Guardrails

The Guardrail is an LLM classifier that runs before each user message reaches the agent. If the message is classified as abuse (jailbreak, prompt injection, instruction extraction, or some custom rule of yours), it is blocked and the user receives a contextualized refusal.

Security tab — Guardrail off

When to use

Enable the guardrail whenever the agent:

serves an external audience (public chat, WhatsApp, Telegram);
has sensitive instructions in the prompt;
needs to stay within a well-defined scope (technical support, sales, legal).

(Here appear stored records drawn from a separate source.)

(* Write a <= b when K a lies in the closure, in 2^N, of the isomorphism class
   of K b: every finite piece of K a is a piece of some copy of K b.  Everything
   turns on the antisymmetry of this preorder on the family.

   A non-U-shaped learner forces antisymmetry: if K a <= K b <= K a with a <> b,
   feed it K a until it guesses a, continue with a copy of K b until it guesses
   b, then with a copy of K a; it has abandoned a correct guess.  An E_range
   reduction forces it as well, because by continuity a <= b puts the range of
   Gamma(K a) inside that of Gamma(K b).  Conversely, antisymmetry yields an
   E_range reduction (Gamma(S) lists the pieces of members occurring in S) and,
   for finite families, a non-U-shaped learner (guess the compatible member that
   is least in a linear extension of <=).  A co-learner lists exactly the wrong
   members, so guessing the least member not yet listed is non-U-shaped.

   The separations use {P = N, P = N ∖ {0}} (finite and antisymmetric, but not
   co-learnable), {omega, omega*} (Ex-learnable, yet each lies in the closure of
   the other) and {A} ∪ {B_n}, with A the odd numbers and B_n = A ∪ (2n, ∞):
   antisymmetric, but A is the limit of the B_n, which lie in the closure of A. *)

From mathcomp Require Import all_boot zify boolp.

Set Implicit Arguments.
Unset Strict Implicit.
Unset Printing Implicit Defensive.

Definition eventually (P : nat -> Prop) := exists n0, forall n, n0 <= n -> P n.
(* Write K = k(t), N = at^2 + bt + c, D = dt^2 + et + f, so that lambda(t) = al + s
   with s^2 = N/D.  Since ae = bd, N and D are symmetric about a common vertex h, so N D
   is biquadratic in t - h with discriminant (af - cd)^2 != 0, and such a polynomial is
   not a square in k(t).  Hence s is not in K and the composite K(lambda) = K(s) has
   degree 2 over K, i.e. n = 2.  Clearing D in s^2 = N/D and using s = lambda(t - al)
   shows that t is a root of the lambda-image of the quadratic
   (a - (t-al)^2 d) X^2 + (b - (t-al)^2 e) X + (c - (t-al)^2 f), whose discriminant is
   again a biquadratic non-square in t - al; so K(lambda) = lambda(K)(t) also has degree
   2 over lambda(K).  Finally K^n_phi is the K-dual of K(lambda), on which lambda(K) acts
   by multiplication, and a K-linear form l with l(1) != 0 identifies it with K(lambda)
   itself through z |-> (l (z alpha_j))_j; so its right dimension is
   [K(lambda) : lambda(K)] = 2. *)

From HB Require Import structures.
From mathcomp Require Import all_boot all_order all_algebra fraction generic_quotient.
From mathcomp Require Import ring zify.
From Stdlib Require Import ClassicalEpsilon.
Import Order.TTheory GRing.Theory Num.Theory.
Set Implicit Arguments. Unset Strict Implicit. Unset Printing Implicit Defensive.
Local Open Scope ring_scope.

(** * Squares in k(t) *)

HB.instance Definition _ (k : fieldType) :=
  GRing.RMorphism.copy (@rcst k) (@FracField.tofrac {poly k} \o polyC).

Local Notation "x %:F" := (@FracField.tofrac _ x).

Lemma fraction_numden (R : idomainType) (x : {fraction R}) :
  exists p q, q != 0 /\ x = p%:F / q%:F.
Proof.
elim/quotW: x => r; exists r.1, r.2; split; first exact: denom_ratioP.
unlock FracField.tofrac.
rewrite -[_ / _]/(FracField.mul _ _) -[_^-1]/(FracField.inv _).
rewrite -FracField.pi_inv -FracField.pi_mul; apply/eqmodP.
rewrite /= /FracField.mulf /FracField.invf FracField.equivfE.
by rewrite !numden_Ratio ?mulf_neq0 ?oner_eq0 ?denom_ratioP // !(mulr1, mul1r) mulrC.
Qed.

Lemma poly_sqr_div (k : fieldType) (p q P : {poly k}) :
  q != 0 -> p ^+ 2 = P * q ^+ 2 -> exists g, P = g ^+ 2.
Proof.
move=> q0 Epq.
have g0 : gcdp p q != 0 by rewrite gcdp_eq0 negb_and q0 orbT.
have cop : coprimep (p %/ gcdp p q) (q %/ gcdp p q).
  by apply: coprimep_div_gcd; rewrite q0 orbT.
(* After cancelling gcd(p, q), q1 divides p1^2 while being coprime to p1. *)
have := divpK (dvdp_gcdl p q); have := divpK (dvdp_gcdr p q).
move: cop; set p1 := p %/ _; set q1 := q %/ _ => cop Eq Ep.
have q10 : q1 != 0 by apply: contraNneq q0 => q10; rewrite -Eq q10 mul0r.
have Epq1 : p1 ^+ 2 = P * q1 ^+ 2.
  apply: (mulIf (expf_neq0 2 g0)).
  by rewrite -exprMn Ep Epq -{1}Eq exprMn mulrA.
have q1_unit : size q1 = 1%N.
  have : q1 %| p1 * p1 by rewrite -expr2 Epq1 expr2 mulrA dvdp_mull.
  rewrite Gauss_dvdpl ?(coprimep_sym q1) // => q1p1.
  have : q1 %| gcdp p1 q1 by rewrite dvdp_gcd q1p1 dvdpp.
  move=> /dvdp_leq; rewrite gcdp_eq0 negb_and q10 orbT => /(_ isT).
  move: cop; rewrite coprimep_def => /eqP ->.
  by rewrite leq_eqVlt ltnS leqn0 size_poly_eq0 (negbTE q10) orbF => /eqP.
have [c c0 Eqc] : exists2 c, c != 0 & q1 = c%:P by apply/size_poly1P/eqP.
exists (p1 * c^-1%:P).
by rewrite exprMn Epq1 Eqc -mulrA -!rmorphXn -rmorphM -exprMn mulfV // expr1n mulr1.
Qed.

Lemma tofrac_sqr (k : fieldType) (P : {poly k}) (y : ratfun k) :
  y ^+ 2 = P%:F -> exists g, P = g ^+ 2.
Proof.
have [p [q [q0 ->]]] := fraction_numden y => Ey.
apply: (poly_sqr_div (p := p) q0); apply/eqP; rewrite -tofrac_eq.
have q0' : q%:F != 0 by rewrite tofrac_eq0.
by rewrite tofracXn tofracM tofracXn -Ey expr_div_n divfK ?expf_neq0.
Qed.

Lemma sqr_biquadratic (k : fieldType) (A B C : k) (G : {poly k}) :
  (2%:R : k) != 0 -> A != 0 ->
  G ^+ 2 = A%:P * 'X^4 + B%:P * 'X^2 + C%:P -> B ^+ 2 = 4%:R * A * C.
Proof.
move=> two A0 EG.
have sizeR : size (A%:P * 'X^4 + B%:P * 'X^2 + C%:P) = 5%N.
  have sizeA : size (A%:P * 'X^4) = 5%N by rewrite size_Cmul ?size_polyXn.
  rewrite -addrA size_polyDl sizeA //.
  apply: (leq_ltn_trans (size_polyD _ _)).
  rewrite gtn_max size_polyC; apply/andP; split; last by case: (C != 0).
  apply: (leq_ltn_trans (size_polyMleq _ _)); rewrite size_polyC size_polyXn.
  by case: (B != 0).
have sizeG : size G = 3%N.
  have G0 : G != 0 by apply/eqP => G0; move: sizeR; rewrite -EG G0 expr0n size_poly0.
  by move: sizeR; rewrite -EG expr2 size_mul //; case: (size G) => // m; lia.
have coef_eq i : (G * G)`_i = (A%:P * 'X^4 + B%:P * 'X^2 + C%:P)`_i by rewrite -EG.
have [g3 g4] : G`_3 = 0 /\ G`_4 = 0 by rewrite !nth_default ?sizeG.
move: (coef_eq 4%N) (coef_eq 3%N) (coef_eq 2%N) (coef_eq 0%N).
rewrite !coefM !big_ord_recr !big_ord0 /= !coefD !coefCM !coefXn !coefC /= g3 g4.
rewrite !(subnn, subn0, mulr0, mul0r, addr0, add0r, mulr1).
move: G`_0 G`_1 G`_2 => g0 g1 g2 e4 e3 e2 e0.
have g2n : g2 != 0 by apply: contraNneq A0 => g20; rewrite -e4 g20 mulr0.
have g1z : g1 = 0.
  have /eqP : g1 * (2%:R * g2) = 0 by rewrite -e3; ring.
  by rewrite !mulf_eq0 (negbTE two) (negbTE g2n) !orbF => /eqP.
by rewrite -e2 -e0 -e4 g1z; ring.
Qed.
Definition unite_pair (cls : halfedge -> halfedge) (p : halfedge * halfedge) :
    halfedge -> halfedge :=
  unite (unite cls p.1 p.2) (opp p.1) (opp p.2).

Definition closure (C : seq (halfedge * halfedge)) : halfedge -> halfedge :=
  foldl unite_pair id C.

Definition refutes (hs : seq halfedge) (B C : seq (halfedge * halfedge)) : bool :=
  let cls := closure C in
  has (fun h => cls h == cls (opp h)) hs || has (fun p => cls p.1 == cls p.2) B.

Section Closure.
Variables (S : eqType) (lab : nat -> cend S).
Local Notation L := (half_label lab).

Definition refines_labels (cls : halfedge -> halfedge) :=
  forall x y, cls x = cls y -> L x = L y.

Lemma unite_refines_labels cls a b :
  refines_labels cls -> L a = L b -> refines_labels (unite cls a b).
Proof.
move=> cls_ok Lab x y; rewrite /unite.
case: (eqVneq (cls x) (cls a)) => [/cls_ok ->|_];
  case: (eqVneq (cls y) (cls a)) => [/cls_ok ->|_] //.
all: by rewrite ?Lab; apply: cls_ok.
Qed.

Lemma unite_pair_refines_labels cls p :
  refines_labels cls -> L p.1 = L p.2 -> refines_labels (unite_pair cls p).
Proof.
move=> cls_ok Lp; apply: unite_refines_labels; first exact: unite_refines_labels.
by rewrite !half_label_opp Lp.
Qed.

Lemma closure_refines_labels C : labels_agree lab C -> refines_labels (closure C).
Proof.
rewrite /closure; have : refines_labels id by move=> x y ->.
elim: C (@id halfedge) => [|p C IHC] cls cls_ok //= agree.
apply: IHC => [|q qC]; last by apply: agree; rewrite inE qC orbT.
by apply: unite_pair_refines_labels => //; apply: agree; rewrite mem_head.
Qed.

Lemma refutes_sound hs B C :
  {in B, forall p, L p.1 != L p.2} -> labels_agree lab C -> ~~ refutes hs B C.
Proof.
move=> LB /closure_refines_labels cC; apply/norP; split; apply/hasPn.
- move=> h _; apply/eqP => /cC; rewrite half_label_opp => /esym/eqP.
  by rewrite (negbTE (hat_neq _)).
- by move=> p /LB /eqP LBp; apply/eqP => /cC.
Qed.

End Closure.

Definition multiplicity (T : eqType) (H : seq (T * T)) (u v : T) : nat :=
  count (fun e => (e == (u, v)) || (e == (v, u))) H.

Definition degenerate (T : eqType) (vs : seq T) (H : seq (T * T)) : bool :=
  has (fun u => 0 < multiplicity H u u) vs ||
  has (fun u => has (fun v => (u != v) && (1 < multiplicity H u v)) vs) vs ||
  has (fun u => has (fun v => has (fun w =>
    [&& u != v, v != w, w != u, 0 < multiplicity H u v,
        0 < multiplicity H v w & 0 < multiplicity H w u]) vs) vs) vs.

Lemma degenerate_eq_mem (T : eqType) (vs ws : seq T) H :
  vs =i ws -> degenerate vs H = degenerate ws H.
Proof.
move=> vw; rewrite /degenerate !(eq_has_r vw).
by congr (_ || _ || _); apply: eq_has => u /=; rewrite !(eq_has_r vw) //;
  apply: eq_has => v /=; rewrite (eq_has_r vw).
Qed.

Lemma degenerate_transport (T T' : eqType) (f : T -> T') vs H G :
  injective f -> (forall u v, multiplicity G (f u) (f v) = multiplicity H u v) ->
  degenerate (map f vs) G = degenerate vs H.
Proof.
move=> injf fGH; rewrite /degenerate !has_map.
congr (_ || _ || _); apply: eq_has => u /=; rewrite ?fGH ?has_map //;
  apply: eq_has => v /=; rewrite ?has_map ?(inj_eq injf) ?fGH //.
by apply: eq_has => w /=; rewrite !(inj_eq injf) !fGH.
Qed.

Lemma multiplicity_map (T T' : eqType) (f : T -> T') H u v : injective f ->
  multiplicity [seq (f e.1, f e.2) | e <- H] (f u) (f v) = multiplicity H u v.
Proof.
move=> injf; rewrite /multiplicity count_map; apply: eq_count => -[x y] /=.
by rewrite !xpair_eqE !(inj_eq injf).
Qed.

(* Vertices are compared as natural numbers: comparing ordinals under [vm_compute]
   is much slower. *)
Definition degenerate_graph n (E : seq ('I_n * 'I_n)) : bool :=
  degenerate (iota 0 n) [seq (val e.1, val e.2) | e <- E].

Lemma degenerate_graphE n (E : seq ('I_n * 'I_n)) :
  degenerate_graph E = degenerate (enum 'I_n) E.
Proof.
rewrite /degenerate_graph -val_enum_ord; apply: degenerate_transport => [|u v].
  exact: val_inj.
exact: multiplicity_map val_inj.
Qed.

Lemma degenerate_graph_iso n m (H : seq ('I_n * 'I_n)) (G : seq ('I_m * 'I_m)) :
  mg_iso H G -> degenerate_graph H = degenerate_graph G.
Proof.
case=> f [bijf multHG]; rewrite !degenerate_graphE.
have multGH u v : multiplicity G (f u) (f v) = multiplicity H u v := esym (multHG u v).
rewrite -(degenerate_transport (enum 'I_n) (bij_inj bijf) multGH).
apply: degenerate_eq_mem => y; rewrite mem_enum.
by case: bijf => g _ gK; rewrite -[y]gK map_f ?mem_enum.
Qed.

Lemma sum_eq_except2 m (F G : 'I_m -> nat) i j : i != j ->
  (forall k, k != i -> k != j -> F k = G k) -> F i + F j = G i + G j ->
  \sum_k F k = \sum_k G k.
Proof.
move=> ij FG FGij; rewrite (bigD1 i) // [RHS](bigD1 i) //= (bigD1 j) 1?eq_sym //.
rewrite [in RHS](bigD1 j) 1?eq_sym //= !addnA FGij; congr (_ + _).
by apply: eq_bigr => k /andP[ki kj]; apply: FG.
Qed.

Section Rewiring.
Variable n : nat.
Local Notation V := 'I_n.+1.

Definition endpoint (e : V * V) (s : bool) : V := if s then e.2 else e.1.

Definition set_endpoint (e : V * V) (s : bool) (v : V) : V * V :=
  if s then (e.1, v) else (v, e.2).

Lemma endpoint_set e s v : endpoint (set_endpoint e s v) s = v.
Proof. by case: s. Qed.

Lemma endpoint_set_opp e s v : endpoint (set_endpoint e s v) (~~ s) = endpoint e (~~ s).
Proof. by case: s. Qed.

Definition half_endpoint (E : seq (V * V)) (h : halfedge) : V :=
  endpoint (nth (ord0, ord0) E h.1) h.2.

Definition rewire (E : seq (V * V)) (h1 h2 : halfedge) : seq (V * V) :=
  mkseq (fun k => let e := nth (ord0, ord0) E k in
    if k == h1.1 then set_endpoint e (~~ h1.2) (half_endpoint E (opp h2))
    else if k == h2.1 then set_endpoint e (~~ h2.2) (half_endpoint E (opp h1))
    else e) (size E).

Variables (S : eqType) (lab : nat -> cend S).
Local Notation L := (half_label lab).

Definition edge_count (a : pred (cend S)) (v : V) (e : V * V) k : nat :=
  ((endpoint e false == v) && a (L (k, false))) +
  ((endpoint e true == v) && a (L (k, true))).

Lemma edge_count_side a v e k s : edge_count a v e k =
  ((endpoint e s == v) && a (L (k, s))) + ((endpoint e (~~ s) == v) && a (L (k, ~~ s))).
Proof. by case: s; rewrite // addnC. Qed.

Lemma count_tile_at a (E : seq (V * V)) v :
  count a (tile_at E lab v) = \sum_(k < size E) edge_count a v (nth (ord0, ord0) E k) k.
Proof.
rewrite /tile_at count_flatten -map_comp sumnE big_map.
rewrite [iota _ _](_ : _ = index_iota 0 (size E)) ?big_mkord; last first.
  by rewrite /index_iota subn0.
apply: eq_bigr => k _ /=; rewrite (set_nth_default (ord0, ord0)) // count_cat.
rewrite /edge_count /endpoint /=; case: (nth _ E k) => x y /=.
by case: (x == v); case: (y == v); rewrite /= ?addn0.
Qed.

For internal agents used only by the organization’s team, it’s usually not necessary.

How it works

For each incoming message:

The classifier (a separate LLM, usually cheap) receives the user content.
Decides whether the message should be blocked based on the base prompt + your custom rules.
If it passes, follows the normal flow to the agent.
If blocked, the agent does not receive the message; instead, a refusal response is generated using the block context to sound natural and aligned with the agent’s purpose.

Base prompt

The base prompt is fixed, maintained by the platform, and visible read-only on the screen itself. It covers four categories:

Jailbreak attempt — attempts to ignore or override the agent’s instructions.
Prompt injection — instructions embedded in user messages trying to alter behavior.
Role manipulation — requests for the agent to take on an unconstrained persona.
Instruction extraction — attempts to extract the system prompt.

Normal questions, even on sensitive topics, are not blocked. The default rule is “when in doubt, let it pass”.

Block context

A short summary of the agent’s purpose, generated automatically from the prompt when you enable the guardrail. You can edit it or click Regenerate to create it again.

This context is used so the refusal response sounds consistent with the agent — instead of a generic “I can’t help”, the user gets something like “I’m a TechCorp support assistant, I can’t help with that, but I can answer questions about our products”.

Custom rules

Add extra rules beyond jailbreak detection. Examples:

block questions about competitors;
don’t answer about specific prices or discounts;
block requests for internal company data;
refuse legal or medical advice.

Write one rule per line, in clear language. The classifier uses these rules as additional criteria.

Recommendations

Use a cheap model as classifier. Each user message adds an extra call; keeping cost low here matters at high volume.
Review the block context after changing the main prompt — click Regenerate to align.
Start without custom rules. Only add when the agent blocks too little (or too much) in real cases.
Combine with safety instructions in the prompt itself — clear instructions in the system prompt are the first line of defense; the guardrail is the safety net.

Where to configure

Open the agent under Agents, click Security in the sidebar, enable the Enable guardrail switch and review the options. Changes persist automatically.